WHAT IS EXPECTED: Set the listing down once more, exactly as given.
[DATA PROVIDED — start]
(* Newton decrement of f at x; the Hessian of f is A *)
Definition newton_decr (d : nat) (A : 'M[R]_d) (b x : 'cV[R]_d) : R :=
  Num.sqrt (qf (invmx A) (grad_quad A b x) (grad_quad A b x)).

Definition sharpened_bfgs_quad (d : nat) (L : R) (A : 'M[R]_d) (b : 'cV[R]_d)
  (x : nat -> 'cV[R]_d) (G : nat -> 'M[R]_d) : Prop :=
  G 0%N = L%:M /\
  forall t : nat,
    x t.+1 = x t - invmx (G t) *m grad_quad A b (x t) /\
    let s := x t.+1 - x t in
    let Gbar := BFGS A (G t) s in
    exists i : 'I_d, greedy_index A Gbar i /\ G t.+1 = BFGS A Gbar (e_ i).

End Defs.

From HB Require Import structures.
From mathcomp Require Import all_boot all_order all_algebra.
From mathcomp Require Import reals exp.
From mathcomp Require Import ring lra.
Import Order.TTheory GRing.Theory Num.Theory.
Local Open Scope ring_scope.
Set Implicit Arguments. Unset Strict Implicit. Unset Printing Implicit Defensive.

(* For a symmetric approximation G with A <= G, the quantity
   sigma(G) = tr(A^-1 G) - d is nonnegative, and a BFGS update along u
   lowers it by |Gu|^2_{A^-1} / u'Gu - 1 >= u'Gu / u'Au - 1 >= 0, keeping
   A <= G.  Along the quasi-Newton step s_t this drop D_t bounds the decrease
   of the squared Newton decrement: lambda_{t+1}^2 <= lambda_t^2 D_t.  Along
   the greedy coordinate the drop is at least mu/(dL) sigma, so
   sigma(G_{t+1}) <= q (sigma(G_t) - D_t) with q = 1 - mu/(dL).  Hence
   sum_i D_i / q^i <= sigma(G_0) <= dL/mu, and AM-GM applied to the weights
   D_i / q^i turns lambda_t^2 <= lambda_0^2 prod_i D_i into
   lambda_t^2 <= lambda_0^2 q^(t(t-1)/2) (dL/(t mu))^t. *)

Section QuadraticForm.
Variables (R : realType) (d : nat).
Implicit Types (M N P : 'M[R]_d) (u v w : 'cV[R]_d).
Local Notation e_ := (@e_ R d).

Lemma qfDl M u1 u2 v : qf M (u1 + u2) v = qf M u1 v + qf M u2 v.
Proof. by rewrite /qf linearD /= !mulmxDl mxE. Qed.

Lemma qfDr M u v1 v2 : qf M u (v1 + v2) = qf M u v1 + qf M u v2.
Proof. by rewrite /qf mulmxDr mxE. Qed.

Lemma qfZl M a u v : qf M (a *: u) v = a * qf M u v.
Proof. by rewrite /qf linearZ /= -!scalemxAl mxE. Qed.

Lemma qfZr M a u v : qf M u (a *: v) = a * qf M u v.
Proof. by rewrite /qf -scalemxAr mxE. Qed.

Lemma qfNl M u v : qf M (- u) v = - qf M u v.
Proof. by rewrite -scaleN1r qfZl mulN1r. Qed.

Lemma qfNr M u v : qf M u (- v) = - qf M u v.
Proof. by rewrite -scaleN1r qfZr mulN1r. Qed.

Lemma qfBl M u1 u2 v : qf M (u1 - u2) v = qf M u1 v - qf M u2 v.
Proof. by rewrite qfDl qfNl. Qed.

Lemma qfBr M u v1 v2 : qf M u (v1 - v2) = qf M u v1 - qf M u v2.
Proof. by rewrite qfDr qfNr. Qed.

Lemma qfMD M N u v : qf (M + N) u v = qf M u v + qf N u v.
Proof. by rewrite /qf mulmxDr mulmxDl mxE. Qed.

Lemma qfMB M N u v : qf (M - N) u v = qf M u v - qf N u v.
Proof. by rewrite qfMD /qf mulmxN mulNmx [X in _ + X]mxE. Qed.

Lemma qfMZ M a u v : qf (a *: M) u v = a * qf M u v.
Proof. by rewrite /qf -scalemxAr -scalemxAl mxE. Qed.

Lemma qf_trmx M u v : qf M^T v u = qf M u v.
Proof.
have tr11 (X : 'M[R]_1) : X 0 0 = X^T 0 0 by rewrite mxE.
by rewrite /qf [RHS]tr11 !trmx_mul !trmxK mulmxA.
Qed.

Lemma qf_sym M u v : M^T = M -> qf M u v = qf M v u.
Proof. by move=> MT; rewrite -qf_trmx MT. Qed.

Lemma qf_mulmx M N u v : qf (M *m N) u v = qf M u (N *m v).
Proof. by rewrite /qf !mulmxA. Qed.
[DATA PROVIDED — finish]
OUTPUT OF THE TASK:
(* Newton decrement of f at x; the Hessian of f is A *)
Definition newton_decr (d : nat) (A : 'M[R]_d) (b x : 'cV[R]_d) : R :=
  Num.sqrt (qf (invmx A) (grad_quad A b x) (grad_quad A b x)).

Definition sharpened_bfgs_quad (d : nat) (L : R) (A : 'M[R]_d) (b : 'cV[R]_d)
  (x : nat -> 'cV[R]_d) (G : nat -> 'M[R]_d) : Prop :=
  G 0%N = L%:M /\
  forall t : nat,
    x t.+1 = x t - invmx (G t) *m grad_quad A b (x t) /\
    let s := x t.+1 - x t in
    let Gbar := BFGS A (G t) s in
    exists i : 'I_d, greedy_index A Gbar i /\ G t.+1 = BFGS A Gbar (e_ i).

End Defs.

From HB Require Import structures.
From mathcomp Require Import all_boot all_order all_algebra.
From mathcomp Require Import reals exp.
From mathcomp Require Import ring lra.
Import Order.TTheory GRing.Theory Num.Theory.
Local Open Scope ring_scope.
Set Implicit Arguments. Unset Strict Implicit. Unset Printing Implicit Defensive.

(* For a symmetric approximation G with A <= G, the quantity
   sigma(G) = tr(A^-1 G) - d is nonnegative, and a BFGS update along u
   lowers it by |Gu|^2_{A^-1} / u'Gu - 1 >= u'Gu / u'Au - 1 >= 0, keeping
   A <= G.  Along the quasi-Newton step s_t this drop D_t bounds the decrease
   of the squared Newton decrement: lambda_{t+1}^2 <= lambda_t^2 D_t.  Along
   the greedy coordinate the drop is at least mu/(dL) sigma, so
   sigma(G_{t+1}) <= q (sigma(G_t) - D_t) with q = 1 - mu/(dL).  Hence
   sum_i D_i / q^i <= sigma(G_0) <= dL/mu, and AM-GM applied to the weights
   D_i / q^i turns lambda_t^2 <= lambda_0^2 prod_i D_i into
   lambda_t^2 <= lambda_0^2 q^(t(t-1)/2) (dL/(t mu))^t. *)

Section QuadraticForm.
Variables (R : realType) (d : nat).
Implicit Types (M N P : 'M[R]_d) (u v w : 'cV[R]_d).
Local Notation e_ := (@e_ R d).

Lemma qfDl M u1 u2 v : qf M (u1 + u2) v = qf M u1 v + qf M u2 v.
Proof. by rewrite /qf linearD /= !mulmxDl mxE. Qed.

Lemma qfDr M u v1 v2 : qf M u (v1 + v2) = qf M u v1 + qf M u v2.
Proof. by rewrite /qf mulmxDr mxE. Qed.

Lemma qfZl M a u v : qf M (a *: u) v = a * qf M u v.
Proof. by rewrite /qf linearZ /= -!scalemxAl mxE. Qed.

Lemma qfZr M a u v : qf M u (a *: v) = a * qf M u v.
Proof. by rewrite /qf -scalemxAr mxE. Qed.

Lemma qfNl M u v : qf M (- u) v = - qf M u v.
Proof. by rewrite -scaleN1r qfZl mulN1r. Qed.

Lemma qfNr M u v : qf M u (- v) = - qf M u v.
Proof. by rewrite -scaleN1r qfZr mulN1r. Qed.

Lemma qfBl M u1 u2 v : qf M (u1 - u2) v = qf M u1 v - qf M u2 v.
Proof. by rewrite qfDl qfNl. Qed.

Lemma qfBr M u v1 v2 : qf M u (v1 - v2) = qf M u v1 - qf M u v2.
Proof. by rewrite qfDr qfNr. Qed.

Lemma qfMD M N u v : qf (M + N) u v = qf M u v + qf N u v.
Proof. by rewrite /qf mulmxDr mulmxDl mxE. Qed.

Lemma qfMB M N u v : qf (M - N) u v = qf M u v - qf N u v.
Proof. by rewrite qfMD /qf mulmxN mulNmx [X in _ + X]mxE. Qed.

Lemma qfMZ M a u v : qf (a *: M) u v = a * qf M u v.
Proof. by rewrite /qf -scalemxAr -scalemxAl mxE. Qed.

Lemma qf_trmx M u v : qf M^T v u = qf M u v.
Proof.
have tr11 (X : 'M[R]_1) : X 0 0 = X^T 0 0 by rewrite mxE.
by rewrite /qf [RHS]tr11 !trmx_mul !trmxK mulmxA.
Qed.

Lemma qf_sym M u v : M^T = M -> qf M u v = qf M v u.
Proof. by move=> MT; rewrite -qf_trmx MT. Qed.

Lemma qf_mulmx M N u v : qf (M *m N) u v = qf M u (N *m v).
Proof. by rewrite /qf !mulmxA. Qed.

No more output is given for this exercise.